### Records
(* Let $G$ be a well-shaped mesh in $d$ dimensions with maximum degree $b$, and let $G_p=(V_p,E_p)\subseteq G$ be an induced subgraph. The output $G_{px}=(V_{px},E_{px})$, $G_{py}=(V_{py},E_{py})$ of FullyBalancedPartition$(G_p)$ is a fully-balanced $f$-partition of $G_p$ with $f(N)=O(N^{1-1/d})$; that is, $|E(G_{px},G_{py})|\le f(|V_p|)$, $|V_{px}|=|V_{py}|\pm O(1)$, and $|\mathrm{outgoing}(G_{px})|=|\mathrm{outgoing}(G_{py})|\pm O(1)$.
   Context: A well-shaped mesh in $d$ dimensions ($d>1$ constant) is the graph of a decomposition of a domain in $\mathbb{R}^d$ into interior-disjoint simplices meeting only in lower-dimensional simplices, each with aspect ratio bounded by a fixed constant; it has bounded degree $b$. Asymptotic constants may depend on $d$, $b$ and the aspect-ratio bound. For a partition of $G_p$ into $G_{px},G_{py}$, $\mathrm{outgoing}(G_{px})=E(G_{px},G-G_p)$ is the set of edges from vertices of $G_{px}$ to vertices of $G$ outside $G_p$, similarly for $G_{py}$. Geometric separator step: the randomized algorithm of Miller, Teng, Thurston and Vavasis, applied to an induced subgraph $H$ with vertex set $V_H$, repeatedly draws a random sphere separator and accepts once the resulting partition of $V_H$ has both parts of size at most $\beta|V_H|$ with $\beta=(d+1+\epsilon)/(d+2)$ (fixed $0<\epsilon<1$) and at most $c|V_H|^{1-1/d}$ crossing edges. A decomposition tree of $H$ is obtained by applying this separator to $H$ and recursively to each part until parts are single vertices; its leaves are ordered left to right. FullyBalancedPartition$(G_p)$: (1) build such a decomposition tree $T$ of $G_p$; (2) form a red-blue array by listing the vertices $v$ of $G_p$ in left-to-right leaf order of $T$, writing a blue element for $v$ followed by $|E(v,G-G_p)|$ red elements; (3) find a contiguous subarray containing half the blue elements to within one and half the red elements to within one; let $V_{px}$ be the vertices whose blue elements lie in the subarray and $V_{py}=V_p\setminus V_{px}$; (4) let $G_{px},G_{py}$ be the induced subgraphs. *)

From HB Require Import structures.
From mathcomp Require Import all_boot all_order all_algebra.
From mathcomp Require Import reals exp.
Set Implicit Arguments. Unset Strict Implicit. Unset Printing Implicit Defensive.
Import Order.TTheory GRing.Theory Num.Theory.
Local Open Scope ring_scope.

Section Mesh.
Variables (R : realType) (d : nat) (T : finType).

Definition dist2 (x y : 'rV[R]_d) : R := \sum_(i < d) (x 0 i - y 0 i) ^+ 2.

Definition conv (pos : T -> 'rV[R]_d) (s : {set T}) : 'rV[R]_d -> Prop :=
  fun x => exists lam : T -> R,
    [/\ forall v, 0 <= lam v, forall v, v \notin s -> lam v = 0,
        \sum_v lam v = 1 & x = \sum_v lam v *: pos v].

(* aspect ratio (radius of a containing ball / radius of an inscribed ball)
   of the simplex s is at most alpha *)
Definition aspect_le (pos : T -> 'rV[R]_d) (alpha : R) (s : {set T}) : Prop :=
  exists (r : R) (z w : 'rV[R]_d), 0 < r /\
    (forall x, dist2 x z <= r ^+ 2 -> conv pos s x) /\
    (forall x, conv pos s x -> dist2 x w <= (alpha * r) ^+ 2).

(* graph (1-skeleton) of a simplicial decomposition *)
Definition mesh_edge (S : {set {set T}}) : rel T :=
  fun x y => (x != y) && [exists s in S, (x \in s) && (y \in s)].

(* S is a well-shaped mesh: a decomposition of a domain of R^d into
   d-simplices (d+1 vertices, full-dimensional as they contain a ball) that
   meet only in common lower-dimensional faces, with aspect ratio <= alpha;
   every graph vertex is a vertex of some simplex, positions distinct, and
   the graph has maximum degree <= b. *)
Definition well_shaped_mesh (pos : T -> 'rV[R]_d) (S : {set {set T}})
    (alpha : R) (b : nat) : Prop :=
  [/\ injective pos,
      forall v, exists2 s, s \in S & v \in s,
      forall s, s \in S -> #|s| = d.+1 /\ aspect_le pos alpha s,
      forall s t, s \in S -> t \in S ->
        forall x, (conv pos s x /\ conv pos t x) <-> conv pos (s :&: t) x
    & forall v, #|[set y | mesh_edge S v y]| <= b]%N.

End Mesh.

Section Partition.
Variables (R : realType) (T : finType) (e : rel T).

(* |E(A,B)| for disjoint A, B *)
Definition cut (A B : {set T}) : nat :=
  #|[set p : T * T | [&& p.1 \in A, p.2 \in B & e p.1 p.2]]|.

(* |outgoing(A)| w.r.t. G_p with vertex set Vp: edges from A to G - G_p *)
Definition outgoing (Vp A : {set T}) : nat := cut A (~: Vp).

(* acceptance criterion of the geometric separator step on H *)
Definition sep_ok (d : nat) (beta c : R) (H A B : {set T}) : Prop :=
  [/\ A :|: B = H, A :&: B = set0,
      (#|A|%:R <= beta * #|H|%:R), (#|B|%:R <= beta * #|H|%:R)
    & (cut A B)%:R <= c * powR (#|H|%:R) (1 - d%:R^-1)].

Inductive dtree := DLeaf of T | DNode of dtree & dtree.

Fixpoint leaves (t : dtree) : seq T :=
  match t with DLeaf v => [:: v] | DNode l r => leaves l ++ leaves r end.

Definition leafset (t : dtree) : {set T} := [set x | x \in leaves t].

Fixpoint dtree_ok (d : nat) (beta c : R) (t : dtree) : Prop :=
  match t with
  | DLeaf _ => True
  | DNode l r => [/\ dtree_ok d beta c l, dtree_ok d beta c r
                   & sep_ok d beta c (leafset t) (leafset l) (leafset r)]
  end.

(* red-blue array: Some v = blue element of v, None = red element *)
Definition red_blue (Vp : {set T}) (t : dtree) : seq (option T) :=
  flatten [seq Some v :: nseq (outgoing Vp [set v]) None | v <- leaves t].

Definition nblue (s : seq (option T)) : nat := count (fun o => o != None) s.
Definition nred (s : seq (option T)) : nat := count (fun o => o == None) s.

Definition subarray (s : seq (option T)) (i j : nat) := take (j - i) (drop i s).

(* step (3): the subarray contains half the blue and half the red elements
   to within one *)
Definition half_within_one (part total : nat) : Prop :=
  (`|(2 * part)%:Z - total%:Z| <= 2)%R.

Definition chosen_set (s : seq (option T)) : {set T} := [set v | Some v \in s].

(* (Vpx, Vpy) is a possible output of FullyBalancedPartition(G_p) *)
Definition FBP_output (d : nat) (eps c : R) (Vp Vpx Vpy : {set T}) : Prop :=
  exists (t : dtree) (i j : nat),
    let beta := (d%:R + 1 + eps) / (d%:R + 2) in
    let arr := red_blue Vp t in
    let sub := subarray arr i j in
    [/\ dtree_ok d beta c t, leafset t = Vp, (i <= j <= size arr)%N,
        half_within_one (nblue sub) (nblue arr) /\
        half_within_one (nred sub) (nred arr)
      & Vpx = chosen_set sub /\ Vpy = Vp :\: Vpx].

End Partition.

From HB Require Import structures.
From mathcomp Require Import all_boot all_order all_algebra.
From mathcomp Require Import reals exp.
From mathcomp.algebra_tactics Require Import ring lra.
From mathcomp Require Import zify.
Import Order.TTheory GRing.Theory Num.Theory.
Set Implicit Arguments. Unset Strict Implicit. Unset Printing Implicit Defensive.

(* A separator node splits its vertex set H into parts of size at most
   beta |H| with at most c |H|^a crossing edges, a = 1 - 1/d, and |.|^a shrinks
   by the factor rho = beta^a < 1 from a node to its children.  A cut of the
   leaf order into a prefix and a suffix falls inside one child, so the edges
   across it are edges across a cut of that child plus root separator edges;
   by induction there are at most K |H|^a of them, K = c / (1 - rho).  The
   chosen subarray is a contiguous segment of the leaf order, so its cut to
   the rest is bounded by two such prefix cuts.  Balance comes from the blue
   elements counting vertices, while the red elements of a segment miss or
   overshoot the outgoing degrees of its vertices by at most one degree
   (bounded by b) at each end. *)


Section Cut.
Variables (T : finType) (e : rel T).

Lemma cutS (A A' B B' : {set T}) :
  A \subset A' -> B \subset B' -> (cut e A B <= cut e A' B')%N.
Proof.
move=> sA sB; apply: subset_leq_card; apply/subsetP=> p.
by rewrite !inE => /and3P[/(subsetP sA)-> /(subsetP sB)-> ->].
Qed.

Lemma cut0s (B : {set T}) : cut e set0 B = 0%N.
Proof. by apply/eqP; rewrite cards_eq0; apply/eqP/setP=> p; rewrite !inE. Qed.

Lemma cuts0 (A : {set T}) : cut e A set0 = 0%N.
Proof. by apply/eqP; rewrite cards_eq0; apply/eqP/setP=> p; rewrite !inE andbF. Qed.

Lemma cutUs (A A' B : {set T}) : (cut e (A :|: A') B <= cut e A B + cut e A' B)%N.
Proof.
apply: leq_trans (leq_card_setU _ _); apply: subset_leq_card.
by apply/subsetP=> p; rewrite !inE; case/and3P=> /orP[] -> -> ->; rewrite ?orbT.
Qed.
Lemma count_lt_succ (s : seq nat) k :
  count (fun a => a < k.+1) s = count (fun a => a < k) s + count_mem k s.
Proof. by elim: s => //= a s ->; case: ltngtP => [||->] /=; lia. Qed.

Lemma count_le1 (T : eqType) (P : pred T) (s : seq T) :
  uniq s -> {in s &, forall a b, P a -> P b -> a = b} -> count P s <= 1.
Proof.
move=> us Ps; rewrite -size_filter.
case def_s: (filter P s) => [//|x s'].
have /andP [Px xs] : P x && (x \in s) by rewrite -mem_filter def_s mem_head.
rewrite -def_s; apply: (@uniq_leq_size _ _ [:: x]); first exact: filter_uniq.
by move=> y; rewrite mem_filter inE => /andP [Py ys]; rewrite (Ps y x).
Qed.

Lemma exists_notin (T : eqType) (s1 s2 : seq T) :
  uniq s2 -> size s1 <= size s2 -> ~ (s1 =i s2) -> exists2 a, a \in s2 & a \notin s1.
Proof.
move=> us2 sz ne; case: (boolP (all (mem s1) s2)) => [/allP sub | /allPn //].
by case: ne => x; rewrite (uniq_min_size us2 sub sz).2.
Qed.

Lemma ltn_sum (I : finType) (F G : I -> nat) j :
  (forall i, F i <= G i) -> F j < G j -> \sum_i F i < \sum_i G i.
Proof.
move=> FG ltj; rewrite (bigD1 j) // [ltnRHS](bigD1 j) //= -addSn.
by apply: leq_add => //; apply: leq_sum.
Qed.

Lemma bigminn_le_cond (I : finType) x (P : pred I) (F : I -> nat) j :
  P j -> \big[minn/x]_(i | P i) F i <= F j.
Proof. by rewrite -minEnat; exact: (@bigmin_le_cond _ nat). Qed.

Lemma leq_bigminn (I : finType) x (P : pred I) (F : I -> nat) b :
  b <= x -> (forall i, P i -> b <= F i) -> b <= \big[minn/x]_(i | P i) F i.
Proof. by rewrite -minEnat => bx bF; apply/(@bigmin_geP _ nat). Qed.

Lemma bigminn_witness (I : finType) x (P : pred I) (F : I -> nat) :
  (forall i, P i -> F i <= x) -> \big[minn/x]_(i | P i) F i < x ->
  exists2 i, P i & \big[minn/x]_(i | P i) F i = F i.
Proof.
rewrite -minEnat => Fx; case: (pickP P) => [j Pj _ | P0]; last by rewrite big_pred0 // ltnn.
by have [i Pi ->] := @eq_bigmin _ nat _ x j P F Pj Fx; exists i.
Qed.

Section Train.
Variables (s m : nat) (t : nat -> seq nat).
Hypothesis train_t : is_train s m t.

Lemma train_uniq i : i <= m -> uniq (t i).
Proof. by case: train_t => H _ _ /H []. Qed.

Lemma train_size i : i <= m -> size (t i) = s.
Proof. by case: train_t => H _ _ /H []. Qed.

Lemma train_fresh i a b : i < m -> a \in t i.+1 -> a \notin t i -> b \in t i -> b < a.
Proof. by case: train_t => _ _ fresh im ai ani; exact: fresh im a ai ani b. Qed.

Lemma train_new i : i < m -> exists2 a, a \in t i.+1 & forall b, b \in t i -> b < a.
Proof.
move=> im; case: train_t => _ distinct _.
have [a ai1 ai] : exists2 a, a \in t i.+1 & a \notin t i.
  apply: exists_notin; first exact: train_uniq.
    by rewrite !train_size // ltnW.
  by apply: distinct; rewrite ?(ltnW im) //; lia.
by exists a => // b; apply: train_fresh.
Qed.

Lemma train_exceeds i i' b :
  i < i' -> i' <= m -> b \in t i -> exists2 a, a \in t i' & b < a.
Proof.
move=> lti i'm bi; elim: i' lti i'm => // i' IH; rewrite ltnS leq_eqVlt.
case/predU1P => [<- | lti] i'm; have [a ai1 lt_a] := train_new i'm.
  by exists a; rewrite ?lt_a.
have [e ei' lt_be] := IH lti (ltnW i'm).
by exists a; last exact: ltn_trans lt_be (lt_a e ei').
Qed.

Lemma train_closed_below i i' a b :
  i <= i' -> i' <= m -> a \in t i' -> b \in t i -> a <= b -> a \in t i.
Proof.
move=> lei i'm ai' bi ab; elim: i' lei i'm a ai' ab => [|i' IH].
  by rewrite leqn0 => /eqP-> _.
rewrite leq_eqVlt ltnS => /predU1P [-> //|lei] i'm a ai1 ab.
case ai': (a \in t i'); first exact: IH lei (ltnW i'm) a ai' ab.
have [e ei' le_be] : exists2 e, e \in t i' & b <= e.
  case: (ltngtP i i') lei => // [lti _ | <- _]; last by exists b.
  by have [e ? /ltnW] := train_exceeds lti (ltnW i'm) bi; exists e.
by have := train_fresh i'm ai1 (negbT ai') ei'; lia.
Qed.

End Train.

Definition hits (L : nat -> color) k (s : seq nat) nu :=
  has (fun a => (k <= a) && (L a == nu)) s.
Definition reaches k (s : seq nat) := has (leq k) s.
Definition below k (s : seq nat) := count (fun a => a < k) s.
Definition recolor (L : nat -> color) k nu : nat -> color :=
  fun a => if a == k then nu else L a.

Lemma hits_recolor L k nu0 s nu :
  hits (recolor L k nu0) k s nu = hits L k.+1 s nu || (k \in s) && (nu0 == nu).
Proof.
rewrite /hits /recolor; case: (eqVneq nu0 nu) => [<- | neq].
  rewrite andbT -has_pred1 -has_predU; apply: eq_has => a /=.
  case: (eqVneq a k) => [->|ak]; rewrite ?ltnn ?leqnn ?eqxx //.
  by rewrite orbF leq_eqVlt eq_sym (negbTE ak).
rewrite andbF orbF; apply: eq_has => a /=.
case: (eqVneq a k) => [->|ak]; rewrite ?ltnn ?(negbTE neq) ?andbF //.
by rewrite leq_eqVlt eq_sym (negbTE ak).
Qed.

Lemma reaches_succ k s : reaches k s = reaches k.+1 s || (k \in s).
Proof.
rewrite /reaches -has_pred1 -has_predU; apply: eq_has => a /=.
by rewrite leq_eqVlt eq_sym orbC.
Qed.

Lemma below_succ k s : uniq s -> below k.+1 s = below k s + (k \in s).
Proof. by move=> us; rewrite /below count_lt_succ count_uniq_mem. Qed.

Lemma below_size k s : below k s <= size s.
Proof. exact: count_size. Qed.

Lemma below_size_eq k s : (below k s == size s) = ~~ reaches k s.
Proof.
rewrite /below /reaches -all_count -[all _ s]negbK -has_predC; congr negb.
by apply: eq_has => a; rewrite /= -leqNgt.
Qed.

Section Recoloring.
Variables (n : nat) (m : nat -> nat) (tau : nat -> nat -> seq nat).
Variable c : nat -> nat -> color.
Hypothesis trains : forall j, j < n -> is_train n.+1 (m j) (tau j).

Definition wants j nu i := (i <= m j) && mono_onb c (tau j i) (opp nu).
Definition pending L k j nu i :=
  [&& wants j nu i, ~~ hits L k (tau j i) nu & reaches k (tau j i)].
Definition slack L k j nu :=
  \big[minn/n.+1]_(i < (m j).+1 | pending L k j nu i) below k (tau j i).
Definition tight L k j t := (slack L k j R <= t) + (slack L k j B <= t).
Definition hall L k := forall t, t <= n -> \sum_(j < n) tight L k j t <= t.

Lemma tightE L k j t nu : tight L k j t = (slack L k j nu <= t) + (slack L k j (opp nu) <= t).
Proof. by case: nu; rewrite // addnC. Qed.

Lemma slack_le L k j nu : slack L k j nu <= n.+1.
Proof. by rewrite /slack -minEnat; exact: (@bigmin_le_id _ nat). Qed.

Lemma slack_le_pending L k j nu i :
  pending L k j nu i -> slack L k j nu <= below k (tau j i).
Proof.
move=> pend; have im : i < (m j).+1 by case/and3P: pend => /andP [].
exact: (bigminn_le_cond _ _ (j := Ordinal im) pend).
Qed.

Lemma leq_slack L k j nu b : b <= n.+1 ->
  (forall i, pending L k j nu i -> b <= below k (tau j i)) -> b <= slack L k j nu.
Proof. by move=> bn pend; apply: leq_bigminn => // i /pend. Qed.

Lemma slack_witness L k j nu : j < n -> slack L k j nu <= n ->
  exists2 i, pending L k j nu i & below k (tau j i) = slack L k j nu.
Proof.
move=> jn lt_slack.
have below_le i : pending L k j nu i -> below k (tau j i) <= n.+1.
  case/and3P=> /andP [im _] _ _; rewrite -(train_size (trains jn) im); exact: below_size.
have [i pend eq_slack] := bigminn_witness (fun i : 'I__ => below_le i) lt_slack.
by exists i; rewrite // /slack eq_slack.
Qed.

### Problem
Out of the data above, return each line where the word "DLeaf" can be found.

### Solution
Inductive dtree := DLeaf of T | DNode of dtree & dtree.
  match t with DLeaf v => [:: v] | DNode l r => leaves l ++ leaves r end.
  | DLeaf _ => True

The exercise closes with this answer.